With EASA, you can deploy an app by simply pointing our Excel Wizard to your template spreadsheet, and defining which parts of the spreadsheet you wish to expose to users in a web app. EASA then auto-creates a web app. By default, the app will look quite similar to the original spreadsheet, or there is the option of using CSS to make the app look and feel completely custom. The web app performs exactly as the spreadsheet, because the master spreadsheet is copied to the server and acts as a logic engine for the app; the logic does not have to be redefined. So, all the functionality of Excel can be reproduced in the web app—including VB and macros. For many use-cases, this is far superior to other approaches for sharing spreadsheets such as network drives or SharePoint, and allows multiple users to use the app at any time. Every time a user saves a case, the informationis saved back to a database. So if you have a 100 people using a pricing spreadsheet for example, the data is automatically saved in a database. Therefore, generating a report—say, the total amount of business quoted based on region, or line of business—becomes trivial.
EASA makes Excel behave like an enterprise application
Like many organizations, LeasePlan NZ has core systems supplemented by many desktop solutions such as spreadsheets. Many of these “end-user developed” solutions did not measure up in this age of increasing focus on compliance and both regulatory and business control.
LeasePlan has used EASA to build around 20 applications to date. Where requirements are well defined, it has been found that moderately complex applications can usually be built with about 20 hours of work effort. This validates the tremendous benefit of re-using knowledge already in the business in the form of Excel spreadsheets.

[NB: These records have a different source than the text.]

Lemma det_hplane_neq0 (x y : 'rV[CC]_4) : x != 0 -> y != 0 ->
  ~~ (hplane x == hplane y)%MS -> \det (col_mx (hplane x) (hplane y)) != 0.
Proof.
move=> nx ny nxy; rewrite -unitfE -unitmxE -row_free_unit -row_leq_rank -addsmxE.
have cap0 : (hplane x :&: hplane y <= (0 : 'M_4))%MS.
  by rewrite submx0; apply: contraR nxy; exact: eqmx_hplane_of_cap.
have /eqP-> :
    \rank (hplane x + hplane y)%MS == (\rank (hplane x) + \rank (hplane y))%N.
  by rewrite (mxrank_adds_leqif _ _).2.
by rewrite !rank_hplane.
Qed.

Lemma det4_laplace (R : comPzRingType) (f : nat -> nat -> R) :
  let minor r a b := f r a * f r.+1 b - f r b * f r.+1 a in
  \det (\matrix_(i < 4, j < 4) f i j) =
    minor 0%N 0%N 1%N * minor 2%N 2%N 3%N - minor 0%N 0%N 2%N * minor 2%N 1%N 3%N
  + minor 0%N 0%N 3%N * minor 2%N 1%N 2%N + minor 0%N 1%N 2%N * minor 2%N 0%N 3%N
  - minor 0%N 1%N 3%N * minor 2%N 0%N 2%N + minor 0%N 2%N 3%N * minor 2%N 0%N 1%N.
Proof.
rewrite /= (expand_det_row _ ord0) !big_ord_recl big_ord0 /cofactor.
rewrite !(expand_det_row _ ord0) !big_ord_recl !big_ord0 /cofactor.
rewrite !(expand_det_row _ ord0) !big_ord_recl !big_ord0 /cofactor.
rewrite !det_mx11 !mxE /bump /=.
ring.
Qed.

Lemma col_mx_inord (R : Type) n (M N : 'M[R]_(2, n)) (i : nat) j : (i < 4)%N ->
  col_mx M N (inord i) j =
    if (i < 2)%N then M (inord i) j else N (inord (i - 2)) j.
Proof.
move=> i4; case: ifP => i2.
  have -> : inord i = lshift 2 (inord i : 'I_2) by apply/val_inj; rewrite /= !inordK.
  exact: col_mxEu.
have -> : inord i = rshift 2 (inord (i - 2) : 'I_2).
  by apply/val_inj; rewrite /= !inordK ?subnKC //; lia.
exact: col_mxEd.
Qed.

Definition plucker_pairing (p q : 'I_6 -> CC) : CC :=
  p (inord 0) * q (inord 5) - p (inord 1) * q (inord 4) + p (inord 2) * q (inord 3)
  + p (inord 3) * q (inord 2) - p (inord 4) * q (inord 1) + p (inord 5) * q (inord 0).

Lemma det_col_mx_plucker_pairing (M N : 'M[CC]_(2, 4)) :
  \det (col_mx M N) = plucker_pairing (plucker M) (plucker N).
Proof.
have -> : col_mx M N = \matrix_(i < 4, j < 4) col_mx M N (inord i) (inord j).
  by apply/matrixP => i j; rewrite [RHS]mxE !inord_val.
rewrite (det4_laplace (fun i j => col_mx M N (inord i) (inord j))) /=.
rewrite !col_mx_inord //= -[(2 - 2)%N]/0%N -[(3 - 2)%N]/1%N.
rewrite /plucker_pairing /plucker /plpair !inordK //=.
have e0 : inord 0 = 0 :> 'I_2 by apply/val_inj; rewrite /= inordK.
have e1 : inord 1 = 1 :> 'I_2 by apply/val_inj; rewrite /= inordK.
by rewrite !e0 !e1; ring.
Qed.

Lemma plucker_pairing_mulmx (M N : 'M[CC]_(2, 4)) (g : 'M[CC]_4) :
  plucker_pairing (plucker (M *m g)) (plucker (N *m g)) =
    plucker_pairing (plucker M) (plucker N) * \det g.
Proof. by rewrite -!det_col_mx_plucker_pairing -det_mulmx mul_col_mx. Qed.

Section BlockDegree.

Variable R : nzRingType.

Definition blockdeg (mo : 'X_{1..24}) (i : 'I_4) : nat :=
  (\sum_(j < 24 | (j %/ 6)%N == i) mo j)%N.

Definition block_homog (d : 'I_4 -> nat) (p : {mpoly R[24]}) : Prop :=
  forall mo, mo \in msupp p -> forall i, blockdeg mo i = d i.

Lemma blockdegD (m1 m2 : 'X_{1..24}) i :
  blockdeg (m1 + m2)%MM i = (blockdeg m1 i + blockdeg m2 i)%N.
Proof. by rewrite /blockdeg -big_split; apply: eq_bigr => j _; rewrite mnmDE. Qed.

Lemma blockdegU (u : 'I_24) i : blockdeg U_(u)%MM i = ((u %/ 6)%N == i : nat).
Proof.
rewrite /blockdeg; have [ui|ui] := eqVneq (u %/ 6)%N (i : nat).
  rewrite (bigD1 u) ?ui //= mnm1E eqxx big1 ?addn0 // => j /andP[_ ju].
  by rewrite mnm1E eq_sym (negPf ju).
rewrite big1 // => j ji; rewrite mnm1E; case: eqP => // uj.
by rewrite uj (eqP ji) eqxx in ui.
Qed.

Lemma block_homogD d p q :
  block_homog d p -> block_homog d q -> block_homog d (p + q).
Proof.
by move=> hp hq mo /msuppD_le; rewrite mem_cat => /orP[]; [exact: hp | exact: hq].
Qed.

Lemma block_homogN d p : block_homog d p -> block_homog d (- p).
Proof. by move=> hp mo; rewrite (perm_mem (msuppN p)); exact: hp. Qed.

Lemma block_homogB d p q :
  block_homog d p -> block_homog d q -> block_homog d (p - q).
Proof. by move=> hp hq; apply: block_homogD (block_homogN hq). Qed.

Lemma block_homogM d1 d2 p q : block_homog d1 p -> block_homog d2 q ->
  block_homog (fun i => d1 i + d2 i)%N (p * q).
Proof.
move=> hp hq mo /msuppM_le /allpairsP [[m1 m2] /= [h1 h2 ->]] i.
by rewrite blockdegD (hp _ h1) (hq _ h2).
Qed.

Lemma block_homogXX (u v : 'I_24) :
  block_homog (fun i => ((u %/ 6)%N == i : nat) + ((v %/ 6)%N == i : nat))%N
    ('X_u * 'X_v).
Proof.
move=> mo; rewrite -mpolyXD msuppX mem_seq1 => /eqP -> i.
by rewrite blockdegD !blockdegU.
Qed.
Lemma left_den1 : S 1.
Proof. by case: HS => [[[]]]. Qed.

Lemma left_den_neq0 : ~ S 0.
Proof. by case: HS => [[[_ []]]]. Qed.

Lemma left_denM a b : S a -> S b -> S (a * b).
Proof. by case: HS => [[[_ [_ SM]] _] _]; apply: SM. Qed.

Lemma left_den_ore r s : S s -> exists s' r', S s' /\ s' * r = r' * s.
Proof. by case: HS => [[_ Sore] _]; apply: Sore. Qed.

Lemma left_den_ann r s : S s -> r * s = 0 -> exists t, S t /\ t * r = 0.
Proof. by case: HS => _ Sann; apply: Sann. Qed.

End LeftDenominatorSets.

Lemma maxDen_l_den (R : nzRingType) (S : R -> Prop) : maxDen_l S -> left_den S.
Proof. by case. Qed.

Lemma linv_lcancel (R : nzRingType) (x u a b : R) :
  u * x = 1 -> x * a = x * b -> a = b.
Proof. by move=> ux1 xab; rewrite -(mul1r a) -(mul1r b) -ux1 -!mulrA xab. Qed.

Section LeftLocalizations.
Variables (R A : nzRingType) (S : R -> Prop) (f : {rmorphism R -> A}).
Hypothesis Hf : is_left_localization S f.

Lemma loc_unit s : S s -> exists u, is_inverse u (f s).
Proof. by case: Hf => Hunit _; apply: Hunit. Qed.

Lemma loc_frac a : exists s r, S s /\ f s * a = f r.
Proof. by case: Hf => _ [Hfrac _]; apply: Hfrac. Qed.

Lemma loc_ker r : f r = 0 <-> ass S r.
Proof. by case: Hf => _ [_ Hker]; apply: Hker. Qed.

Lemma loc_cancel s a b : S s -> f s * a = f s * b -> a = b.
Proof. by move=> /loc_unit [u [uf1 _]]; apply: linv_lcancel uf1. Qed.

Lemma loc_common_frac (HS : left_den S) a1 a2 :
  exists s r1 r2, S s /\ f s * a1 = f r1 /\ f s * a2 = f r2.
Proof.
have [s1 [r1 [Ss1 E1]]] := loc_frac a1.
have [s2 [r2 [Ss2 E2]]] := loc_frac a2.
have [s3 [r3 [Ss3 E3]]] := left_den_ore HS s1 Ss2.
exists (s3 * s1), (s3 * r1), (r3 * r2); split; first exact: left_denM.
by rewrite !rmorphM -!mulrA E1 -E2 !mulrA -!rmorphM E3.
Qed.

End LeftLocalizations.

Section LocalizationUniqueness.
Variables (R A B : nzRingType) (S : R -> Prop).
Variables (f : {rmorphism R -> A}) (g : {rmorphism R -> B}).
Hypotheses (HS : left_den S) (Hf : is_left_localization S f)
  (Hg : is_left_localization S g).

(* The fraction f(s)^{-1} f(r) is sent to g(s)^{-1} g(r); this is well defined
   because ker f = ass S = ker g. *)
Lemma loc_map_spec a :
  exists b, forall s r, S s -> f s * a = f r -> g s * b = g r.
Proof.
have [s1 [r1 [Ss1 E1]]] := loc_frac Hf a.
have [u [_ gs1u]] := loc_unit Hg Ss1.
exists (u * g r1) => s r Ss E.
have [s3 [r3 [Ss3 E3]]] := left_den_ore HS s Ss1.
have f_eq0 : f (s3 * r - r3 * r1) = 0.
  by rewrite rmorphB !rmorphM -E -E1 !mulrA -!rmorphM E3 subrr.
move: f_eq0 => /(loc_ker Hf) /(loc_ker Hg).
rewrite rmorphB !rmorphM => /eqP; rewrite subr_eq0 => /eqP g_eq.
apply: (loc_cancel Hg Ss3).
by rewrite mulrA -rmorphM E3 rmorphM -mulrA (mulrA (g s1)) gs1u mul1r g_eq.
Qed.

Definition loc_map (a : A) : B :=
  proj1_sig (constructive_indefinite_description _ (loc_map_spec a)).

Lemma loc_mapP a s r : S s -> f s * a = f r -> g s * loc_map a = g r.
Proof. exact: (proj2_sig (constructive_indefinite_description _ (loc_map_spec a))). Qed.

Lemma loc_map_is_zmod_morphism : zmod_morphism loc_map.
Proof.
move=> a1 a2; have [s [r1 [r2 [Ss [E1 E2]]]]] := loc_common_frac Hf HS a1 a2.
apply: (loc_cancel Hg Ss).
rewrite (@loc_mapP _ s (r1 - r2)) //; last by rewrite mulrBr E1 E2 rmorphB.
by rewrite mulrBr (loc_mapP Ss E1) (loc_mapP Ss E2) rmorphB.
Qed.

Thus far, LeasePlan has developed apps for: ROI and Deal Analytics; Pricing; Lease Settlement; Trial Balance reporting; Order Review, Order Confirmation and Registration Confirmation, among many others.
An additional unexpected benefit is EASA’s abilityto rapidly generate working prototypes forproposed applications.
What does the future look like for EASA?
We have committed to a new architecture for EASA 7.0 which will be released next year; it will be state-of-the-art and will feel more modern. While the EASA applications that we see today are competitive, useful, and functional, we want to improve the user-experience still further. Given the relationship we have with Microsoft Excel, we are also releasing a capability called Excel Desktop Client. With EDC, the customer does not need to build a web app to interact with the spreadsheet – rather, the EASA server provides a spreadsheet, but in a secured version which cannot be saved locally. Instead, when users save an instance, the data is saved back to a central database. This provides some of the benefits of EASA but without the overhead of actually building a web app.